## [Problem statement]
The answer must be every line from the entries below that includes "Import".

--- Task input Enclosed Below ---

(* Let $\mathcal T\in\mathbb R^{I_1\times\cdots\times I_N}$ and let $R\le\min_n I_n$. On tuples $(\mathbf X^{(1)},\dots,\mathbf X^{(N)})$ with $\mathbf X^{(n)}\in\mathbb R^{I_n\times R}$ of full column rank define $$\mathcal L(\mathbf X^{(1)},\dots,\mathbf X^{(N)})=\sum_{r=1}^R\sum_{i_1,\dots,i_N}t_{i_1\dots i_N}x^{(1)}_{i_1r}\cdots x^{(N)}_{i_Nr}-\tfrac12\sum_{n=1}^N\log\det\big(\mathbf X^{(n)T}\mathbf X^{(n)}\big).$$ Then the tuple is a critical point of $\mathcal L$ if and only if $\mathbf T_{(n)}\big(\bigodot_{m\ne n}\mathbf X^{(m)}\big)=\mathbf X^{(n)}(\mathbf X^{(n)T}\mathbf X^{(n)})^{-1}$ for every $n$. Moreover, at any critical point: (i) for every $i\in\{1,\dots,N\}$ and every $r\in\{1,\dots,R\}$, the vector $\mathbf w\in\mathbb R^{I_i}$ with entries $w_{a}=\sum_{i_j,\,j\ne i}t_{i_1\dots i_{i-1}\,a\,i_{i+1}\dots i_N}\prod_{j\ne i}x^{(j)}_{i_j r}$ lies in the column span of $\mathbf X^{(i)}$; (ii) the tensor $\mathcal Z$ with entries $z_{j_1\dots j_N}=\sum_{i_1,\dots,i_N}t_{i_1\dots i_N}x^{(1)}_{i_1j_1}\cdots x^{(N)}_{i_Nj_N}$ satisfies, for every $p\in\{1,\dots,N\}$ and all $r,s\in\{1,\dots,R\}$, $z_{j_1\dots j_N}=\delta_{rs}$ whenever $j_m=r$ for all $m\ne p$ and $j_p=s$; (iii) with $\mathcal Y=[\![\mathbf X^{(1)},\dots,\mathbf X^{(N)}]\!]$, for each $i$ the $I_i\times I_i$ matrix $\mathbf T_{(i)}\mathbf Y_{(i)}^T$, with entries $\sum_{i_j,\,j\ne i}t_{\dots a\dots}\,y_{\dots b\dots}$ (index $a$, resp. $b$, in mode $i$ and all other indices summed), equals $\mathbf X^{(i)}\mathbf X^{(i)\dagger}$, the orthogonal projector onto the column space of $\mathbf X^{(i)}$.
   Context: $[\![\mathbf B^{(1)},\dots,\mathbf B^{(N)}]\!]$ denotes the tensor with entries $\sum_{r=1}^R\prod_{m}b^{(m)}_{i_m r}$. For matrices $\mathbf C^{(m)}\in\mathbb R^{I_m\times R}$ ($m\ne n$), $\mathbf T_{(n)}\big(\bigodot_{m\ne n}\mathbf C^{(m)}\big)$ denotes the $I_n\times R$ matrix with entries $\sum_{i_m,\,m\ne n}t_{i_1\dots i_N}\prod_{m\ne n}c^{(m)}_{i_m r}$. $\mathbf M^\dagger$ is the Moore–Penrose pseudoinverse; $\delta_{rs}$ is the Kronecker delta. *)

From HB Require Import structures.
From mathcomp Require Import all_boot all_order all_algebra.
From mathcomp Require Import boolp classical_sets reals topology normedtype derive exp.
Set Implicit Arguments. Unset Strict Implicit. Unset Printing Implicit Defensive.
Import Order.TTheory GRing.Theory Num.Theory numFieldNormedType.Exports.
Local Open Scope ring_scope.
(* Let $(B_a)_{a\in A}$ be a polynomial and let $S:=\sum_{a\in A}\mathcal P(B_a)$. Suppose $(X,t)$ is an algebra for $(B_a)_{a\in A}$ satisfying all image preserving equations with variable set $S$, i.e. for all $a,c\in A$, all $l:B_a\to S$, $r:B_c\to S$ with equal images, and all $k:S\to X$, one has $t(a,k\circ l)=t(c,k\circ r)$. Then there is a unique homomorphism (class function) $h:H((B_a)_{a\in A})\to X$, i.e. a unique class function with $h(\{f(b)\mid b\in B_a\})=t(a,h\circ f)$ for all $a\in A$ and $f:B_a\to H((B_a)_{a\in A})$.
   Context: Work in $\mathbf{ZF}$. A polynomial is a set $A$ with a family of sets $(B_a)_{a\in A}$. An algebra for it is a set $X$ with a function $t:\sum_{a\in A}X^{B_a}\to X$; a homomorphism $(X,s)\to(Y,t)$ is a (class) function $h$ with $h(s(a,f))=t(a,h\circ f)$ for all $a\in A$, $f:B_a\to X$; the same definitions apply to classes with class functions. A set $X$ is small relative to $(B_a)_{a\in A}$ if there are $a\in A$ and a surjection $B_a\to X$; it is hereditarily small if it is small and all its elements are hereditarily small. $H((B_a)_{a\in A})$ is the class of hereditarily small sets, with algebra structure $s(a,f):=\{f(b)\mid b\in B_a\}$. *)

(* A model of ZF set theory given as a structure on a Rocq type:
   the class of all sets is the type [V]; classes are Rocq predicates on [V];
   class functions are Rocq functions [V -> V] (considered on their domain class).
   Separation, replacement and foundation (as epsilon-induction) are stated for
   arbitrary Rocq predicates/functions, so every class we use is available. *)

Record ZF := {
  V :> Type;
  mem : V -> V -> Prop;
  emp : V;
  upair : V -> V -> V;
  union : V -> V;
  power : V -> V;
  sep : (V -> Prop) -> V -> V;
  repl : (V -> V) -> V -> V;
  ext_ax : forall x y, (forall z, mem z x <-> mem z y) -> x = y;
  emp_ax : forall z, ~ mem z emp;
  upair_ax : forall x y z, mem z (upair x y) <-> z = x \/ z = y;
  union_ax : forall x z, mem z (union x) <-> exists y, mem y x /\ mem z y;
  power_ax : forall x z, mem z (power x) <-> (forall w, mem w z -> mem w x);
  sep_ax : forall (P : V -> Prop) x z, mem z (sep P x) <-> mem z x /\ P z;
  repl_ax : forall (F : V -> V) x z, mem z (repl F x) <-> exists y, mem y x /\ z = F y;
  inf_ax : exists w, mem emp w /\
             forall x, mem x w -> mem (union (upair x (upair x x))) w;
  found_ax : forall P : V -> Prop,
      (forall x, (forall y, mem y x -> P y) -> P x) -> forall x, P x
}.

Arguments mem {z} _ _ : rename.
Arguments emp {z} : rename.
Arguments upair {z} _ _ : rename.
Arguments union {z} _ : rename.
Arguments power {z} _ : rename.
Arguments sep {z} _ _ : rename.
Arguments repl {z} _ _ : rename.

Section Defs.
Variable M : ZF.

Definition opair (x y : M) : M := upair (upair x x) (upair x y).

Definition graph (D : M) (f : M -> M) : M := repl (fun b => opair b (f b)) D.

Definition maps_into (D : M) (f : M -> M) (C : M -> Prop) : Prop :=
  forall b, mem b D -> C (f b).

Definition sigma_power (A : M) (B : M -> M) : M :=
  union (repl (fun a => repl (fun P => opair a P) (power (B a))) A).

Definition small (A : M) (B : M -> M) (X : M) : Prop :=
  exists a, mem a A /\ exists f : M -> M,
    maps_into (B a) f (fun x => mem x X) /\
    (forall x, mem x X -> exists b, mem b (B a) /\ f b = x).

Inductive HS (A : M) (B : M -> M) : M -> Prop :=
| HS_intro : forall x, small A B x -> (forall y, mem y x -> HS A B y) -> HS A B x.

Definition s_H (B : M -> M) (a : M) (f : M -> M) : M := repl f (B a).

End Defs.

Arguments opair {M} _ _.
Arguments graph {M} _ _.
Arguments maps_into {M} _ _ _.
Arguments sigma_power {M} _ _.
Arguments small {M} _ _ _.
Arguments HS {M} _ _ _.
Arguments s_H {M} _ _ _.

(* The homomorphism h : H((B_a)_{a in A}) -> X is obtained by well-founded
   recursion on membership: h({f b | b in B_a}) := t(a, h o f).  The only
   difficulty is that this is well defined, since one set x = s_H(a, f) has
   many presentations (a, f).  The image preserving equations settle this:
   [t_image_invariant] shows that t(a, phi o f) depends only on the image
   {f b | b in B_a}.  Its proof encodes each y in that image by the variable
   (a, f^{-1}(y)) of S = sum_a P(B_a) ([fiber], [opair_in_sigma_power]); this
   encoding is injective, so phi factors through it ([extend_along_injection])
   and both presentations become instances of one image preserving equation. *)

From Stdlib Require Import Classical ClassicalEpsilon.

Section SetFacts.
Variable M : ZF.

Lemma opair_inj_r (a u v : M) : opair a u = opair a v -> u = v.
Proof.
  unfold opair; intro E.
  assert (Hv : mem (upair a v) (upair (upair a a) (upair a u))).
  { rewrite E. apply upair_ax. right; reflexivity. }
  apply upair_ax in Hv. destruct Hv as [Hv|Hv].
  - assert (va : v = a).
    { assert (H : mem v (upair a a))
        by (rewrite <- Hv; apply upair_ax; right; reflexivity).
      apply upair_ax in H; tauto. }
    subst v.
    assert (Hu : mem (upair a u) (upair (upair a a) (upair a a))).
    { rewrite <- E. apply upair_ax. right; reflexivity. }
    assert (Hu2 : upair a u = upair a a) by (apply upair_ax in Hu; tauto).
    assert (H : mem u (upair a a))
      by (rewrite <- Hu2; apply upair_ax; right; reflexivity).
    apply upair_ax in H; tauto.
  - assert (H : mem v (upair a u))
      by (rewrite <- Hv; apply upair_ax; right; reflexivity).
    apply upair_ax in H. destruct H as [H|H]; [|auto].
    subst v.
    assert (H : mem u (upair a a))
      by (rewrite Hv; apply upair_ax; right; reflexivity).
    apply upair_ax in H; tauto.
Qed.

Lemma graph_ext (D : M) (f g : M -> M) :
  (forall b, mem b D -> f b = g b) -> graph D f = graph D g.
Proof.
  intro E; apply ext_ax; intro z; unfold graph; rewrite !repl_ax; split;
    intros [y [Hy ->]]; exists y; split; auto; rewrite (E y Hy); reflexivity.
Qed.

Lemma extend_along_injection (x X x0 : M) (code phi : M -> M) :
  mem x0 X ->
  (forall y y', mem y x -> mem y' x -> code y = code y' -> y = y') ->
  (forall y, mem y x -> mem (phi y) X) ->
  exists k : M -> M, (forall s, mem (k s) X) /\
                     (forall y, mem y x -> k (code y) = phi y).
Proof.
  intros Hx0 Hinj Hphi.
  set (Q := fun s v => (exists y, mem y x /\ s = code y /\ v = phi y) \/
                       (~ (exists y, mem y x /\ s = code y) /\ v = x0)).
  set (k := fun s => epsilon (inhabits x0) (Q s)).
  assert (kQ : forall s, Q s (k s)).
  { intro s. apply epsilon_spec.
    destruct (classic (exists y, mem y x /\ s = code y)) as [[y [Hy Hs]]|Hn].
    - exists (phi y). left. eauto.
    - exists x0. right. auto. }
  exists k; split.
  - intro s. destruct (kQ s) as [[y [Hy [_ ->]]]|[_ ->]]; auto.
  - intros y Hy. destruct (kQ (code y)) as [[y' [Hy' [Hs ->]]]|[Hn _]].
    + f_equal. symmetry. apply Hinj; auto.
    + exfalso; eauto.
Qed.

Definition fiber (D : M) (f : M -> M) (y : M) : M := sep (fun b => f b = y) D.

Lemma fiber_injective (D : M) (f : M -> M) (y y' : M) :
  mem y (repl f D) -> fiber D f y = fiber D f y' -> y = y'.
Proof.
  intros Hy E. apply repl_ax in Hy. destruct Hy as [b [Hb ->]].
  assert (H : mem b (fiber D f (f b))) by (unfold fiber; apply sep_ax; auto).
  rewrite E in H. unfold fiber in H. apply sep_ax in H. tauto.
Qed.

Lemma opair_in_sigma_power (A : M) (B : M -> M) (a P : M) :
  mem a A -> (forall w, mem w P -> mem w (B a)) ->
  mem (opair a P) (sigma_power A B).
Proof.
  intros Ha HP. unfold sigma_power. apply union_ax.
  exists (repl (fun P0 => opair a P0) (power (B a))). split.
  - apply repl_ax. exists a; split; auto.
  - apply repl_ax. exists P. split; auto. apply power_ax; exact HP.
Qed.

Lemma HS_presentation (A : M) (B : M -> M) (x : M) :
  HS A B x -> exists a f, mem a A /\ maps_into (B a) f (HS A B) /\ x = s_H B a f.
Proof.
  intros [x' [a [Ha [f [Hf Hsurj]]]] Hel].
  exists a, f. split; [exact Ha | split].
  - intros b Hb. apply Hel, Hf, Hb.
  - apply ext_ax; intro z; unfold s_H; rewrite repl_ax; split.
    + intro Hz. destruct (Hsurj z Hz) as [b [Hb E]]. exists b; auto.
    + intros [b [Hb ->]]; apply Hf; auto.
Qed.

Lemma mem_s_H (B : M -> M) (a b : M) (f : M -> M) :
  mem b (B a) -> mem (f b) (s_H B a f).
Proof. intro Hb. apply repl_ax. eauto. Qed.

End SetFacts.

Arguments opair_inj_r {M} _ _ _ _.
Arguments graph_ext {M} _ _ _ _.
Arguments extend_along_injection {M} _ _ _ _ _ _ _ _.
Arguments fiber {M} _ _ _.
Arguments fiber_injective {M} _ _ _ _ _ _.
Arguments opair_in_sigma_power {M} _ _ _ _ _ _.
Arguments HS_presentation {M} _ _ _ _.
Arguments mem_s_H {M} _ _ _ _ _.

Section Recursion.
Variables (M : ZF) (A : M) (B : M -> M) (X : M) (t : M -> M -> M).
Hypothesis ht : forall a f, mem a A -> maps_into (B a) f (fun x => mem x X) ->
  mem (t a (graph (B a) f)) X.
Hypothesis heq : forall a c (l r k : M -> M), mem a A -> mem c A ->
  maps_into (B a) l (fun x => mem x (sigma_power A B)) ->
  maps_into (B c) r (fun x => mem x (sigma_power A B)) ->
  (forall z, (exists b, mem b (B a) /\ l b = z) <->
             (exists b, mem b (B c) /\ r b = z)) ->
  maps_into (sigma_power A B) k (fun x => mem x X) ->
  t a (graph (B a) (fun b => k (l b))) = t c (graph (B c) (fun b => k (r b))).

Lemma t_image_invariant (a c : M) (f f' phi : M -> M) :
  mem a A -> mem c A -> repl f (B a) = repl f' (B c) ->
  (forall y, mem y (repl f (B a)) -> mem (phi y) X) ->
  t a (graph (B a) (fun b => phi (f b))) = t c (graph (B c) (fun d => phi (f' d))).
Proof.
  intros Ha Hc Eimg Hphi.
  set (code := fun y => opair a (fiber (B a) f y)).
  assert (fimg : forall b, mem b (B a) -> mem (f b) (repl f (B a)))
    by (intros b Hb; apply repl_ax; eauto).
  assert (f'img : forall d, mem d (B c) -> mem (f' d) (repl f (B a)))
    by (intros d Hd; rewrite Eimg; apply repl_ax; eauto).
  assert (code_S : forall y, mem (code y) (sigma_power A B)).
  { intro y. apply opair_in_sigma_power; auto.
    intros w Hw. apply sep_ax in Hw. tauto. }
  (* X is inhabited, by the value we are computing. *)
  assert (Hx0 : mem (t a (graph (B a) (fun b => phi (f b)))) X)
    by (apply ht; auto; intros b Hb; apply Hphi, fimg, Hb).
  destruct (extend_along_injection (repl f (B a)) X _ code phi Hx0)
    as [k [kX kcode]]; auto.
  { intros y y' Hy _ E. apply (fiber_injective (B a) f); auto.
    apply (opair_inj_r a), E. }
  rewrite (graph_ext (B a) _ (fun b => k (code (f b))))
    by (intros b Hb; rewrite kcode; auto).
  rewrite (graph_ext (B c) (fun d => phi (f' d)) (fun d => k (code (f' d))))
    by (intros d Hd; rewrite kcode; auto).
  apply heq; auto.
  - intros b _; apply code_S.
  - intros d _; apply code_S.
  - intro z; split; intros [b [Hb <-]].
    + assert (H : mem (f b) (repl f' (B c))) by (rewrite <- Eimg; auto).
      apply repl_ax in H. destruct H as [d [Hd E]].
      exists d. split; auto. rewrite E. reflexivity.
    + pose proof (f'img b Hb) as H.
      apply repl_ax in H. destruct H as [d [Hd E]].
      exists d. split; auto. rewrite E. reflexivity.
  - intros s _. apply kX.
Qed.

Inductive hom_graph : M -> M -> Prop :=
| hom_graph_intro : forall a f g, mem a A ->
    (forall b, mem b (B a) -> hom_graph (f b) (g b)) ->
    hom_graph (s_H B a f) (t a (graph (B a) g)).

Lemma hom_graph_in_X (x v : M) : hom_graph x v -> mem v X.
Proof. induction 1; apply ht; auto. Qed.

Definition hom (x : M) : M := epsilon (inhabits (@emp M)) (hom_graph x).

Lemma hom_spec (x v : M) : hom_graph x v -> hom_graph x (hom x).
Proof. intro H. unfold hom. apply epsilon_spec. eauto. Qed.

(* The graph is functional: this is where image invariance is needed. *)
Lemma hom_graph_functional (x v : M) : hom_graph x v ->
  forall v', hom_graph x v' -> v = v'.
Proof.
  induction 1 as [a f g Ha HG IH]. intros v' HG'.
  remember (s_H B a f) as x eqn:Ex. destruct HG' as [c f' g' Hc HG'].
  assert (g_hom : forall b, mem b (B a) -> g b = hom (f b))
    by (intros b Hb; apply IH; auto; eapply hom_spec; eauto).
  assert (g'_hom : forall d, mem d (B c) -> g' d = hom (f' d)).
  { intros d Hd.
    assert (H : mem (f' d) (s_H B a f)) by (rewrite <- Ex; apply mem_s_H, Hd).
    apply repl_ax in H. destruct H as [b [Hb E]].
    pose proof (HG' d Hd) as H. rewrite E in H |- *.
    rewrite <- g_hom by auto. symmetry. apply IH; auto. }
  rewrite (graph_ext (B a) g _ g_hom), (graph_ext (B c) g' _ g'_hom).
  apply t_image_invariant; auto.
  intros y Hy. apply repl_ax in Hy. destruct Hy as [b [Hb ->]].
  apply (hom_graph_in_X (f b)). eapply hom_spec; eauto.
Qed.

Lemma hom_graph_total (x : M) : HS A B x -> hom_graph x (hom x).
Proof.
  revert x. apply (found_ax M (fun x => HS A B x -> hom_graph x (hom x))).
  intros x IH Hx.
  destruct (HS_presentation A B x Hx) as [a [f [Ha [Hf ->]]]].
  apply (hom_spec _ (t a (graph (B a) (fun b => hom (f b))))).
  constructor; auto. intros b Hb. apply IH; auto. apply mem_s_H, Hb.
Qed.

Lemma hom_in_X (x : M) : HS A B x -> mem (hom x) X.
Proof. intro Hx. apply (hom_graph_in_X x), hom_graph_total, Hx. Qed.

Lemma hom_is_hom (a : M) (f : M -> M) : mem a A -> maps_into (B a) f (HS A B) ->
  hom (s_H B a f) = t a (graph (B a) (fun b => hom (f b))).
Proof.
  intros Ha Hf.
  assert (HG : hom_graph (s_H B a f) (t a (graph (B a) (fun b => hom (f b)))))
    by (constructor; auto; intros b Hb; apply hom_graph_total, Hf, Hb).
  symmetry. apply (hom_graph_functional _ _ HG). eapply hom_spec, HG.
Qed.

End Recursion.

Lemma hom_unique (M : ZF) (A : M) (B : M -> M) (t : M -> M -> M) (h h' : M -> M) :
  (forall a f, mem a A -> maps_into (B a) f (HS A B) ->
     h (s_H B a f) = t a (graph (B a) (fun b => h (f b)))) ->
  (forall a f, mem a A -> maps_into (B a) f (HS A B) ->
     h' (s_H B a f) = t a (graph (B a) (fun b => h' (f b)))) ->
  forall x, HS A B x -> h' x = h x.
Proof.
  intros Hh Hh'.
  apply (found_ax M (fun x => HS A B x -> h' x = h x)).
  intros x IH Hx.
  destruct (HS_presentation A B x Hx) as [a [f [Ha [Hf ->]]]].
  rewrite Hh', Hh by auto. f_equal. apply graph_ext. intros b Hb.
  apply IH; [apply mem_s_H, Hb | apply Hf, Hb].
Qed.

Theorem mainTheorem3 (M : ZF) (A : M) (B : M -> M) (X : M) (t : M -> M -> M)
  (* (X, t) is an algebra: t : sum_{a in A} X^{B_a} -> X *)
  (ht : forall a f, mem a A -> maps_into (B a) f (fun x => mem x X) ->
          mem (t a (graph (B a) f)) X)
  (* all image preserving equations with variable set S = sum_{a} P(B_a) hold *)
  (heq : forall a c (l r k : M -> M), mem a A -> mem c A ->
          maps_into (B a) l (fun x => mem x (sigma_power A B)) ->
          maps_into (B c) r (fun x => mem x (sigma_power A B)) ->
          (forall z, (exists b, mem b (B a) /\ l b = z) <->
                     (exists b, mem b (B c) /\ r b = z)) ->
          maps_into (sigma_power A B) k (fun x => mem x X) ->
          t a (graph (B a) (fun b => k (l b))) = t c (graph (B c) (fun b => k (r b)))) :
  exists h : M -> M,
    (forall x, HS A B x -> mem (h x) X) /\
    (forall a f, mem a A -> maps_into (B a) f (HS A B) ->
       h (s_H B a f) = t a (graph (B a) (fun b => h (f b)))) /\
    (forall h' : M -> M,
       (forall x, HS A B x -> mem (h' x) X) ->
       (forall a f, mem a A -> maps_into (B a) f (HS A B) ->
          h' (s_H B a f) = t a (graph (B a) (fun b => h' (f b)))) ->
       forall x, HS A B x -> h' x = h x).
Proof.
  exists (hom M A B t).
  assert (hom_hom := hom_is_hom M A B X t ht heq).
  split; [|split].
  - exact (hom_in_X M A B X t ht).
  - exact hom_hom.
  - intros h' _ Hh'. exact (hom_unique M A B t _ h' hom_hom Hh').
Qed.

--- End of Enclosed Task input ---

## [Answer to this task]
From HB Require Import structures.
From mathcomp Require Import all_boot all_order all_algebra.
From mathcomp Require Import boolp classical_sets reals topology normedtype derive exp.
Import Order.TTheory GRing.Theory Num.Theory numFieldNormedType.Exports.
From Stdlib Require Import Classical ClassicalEpsilon.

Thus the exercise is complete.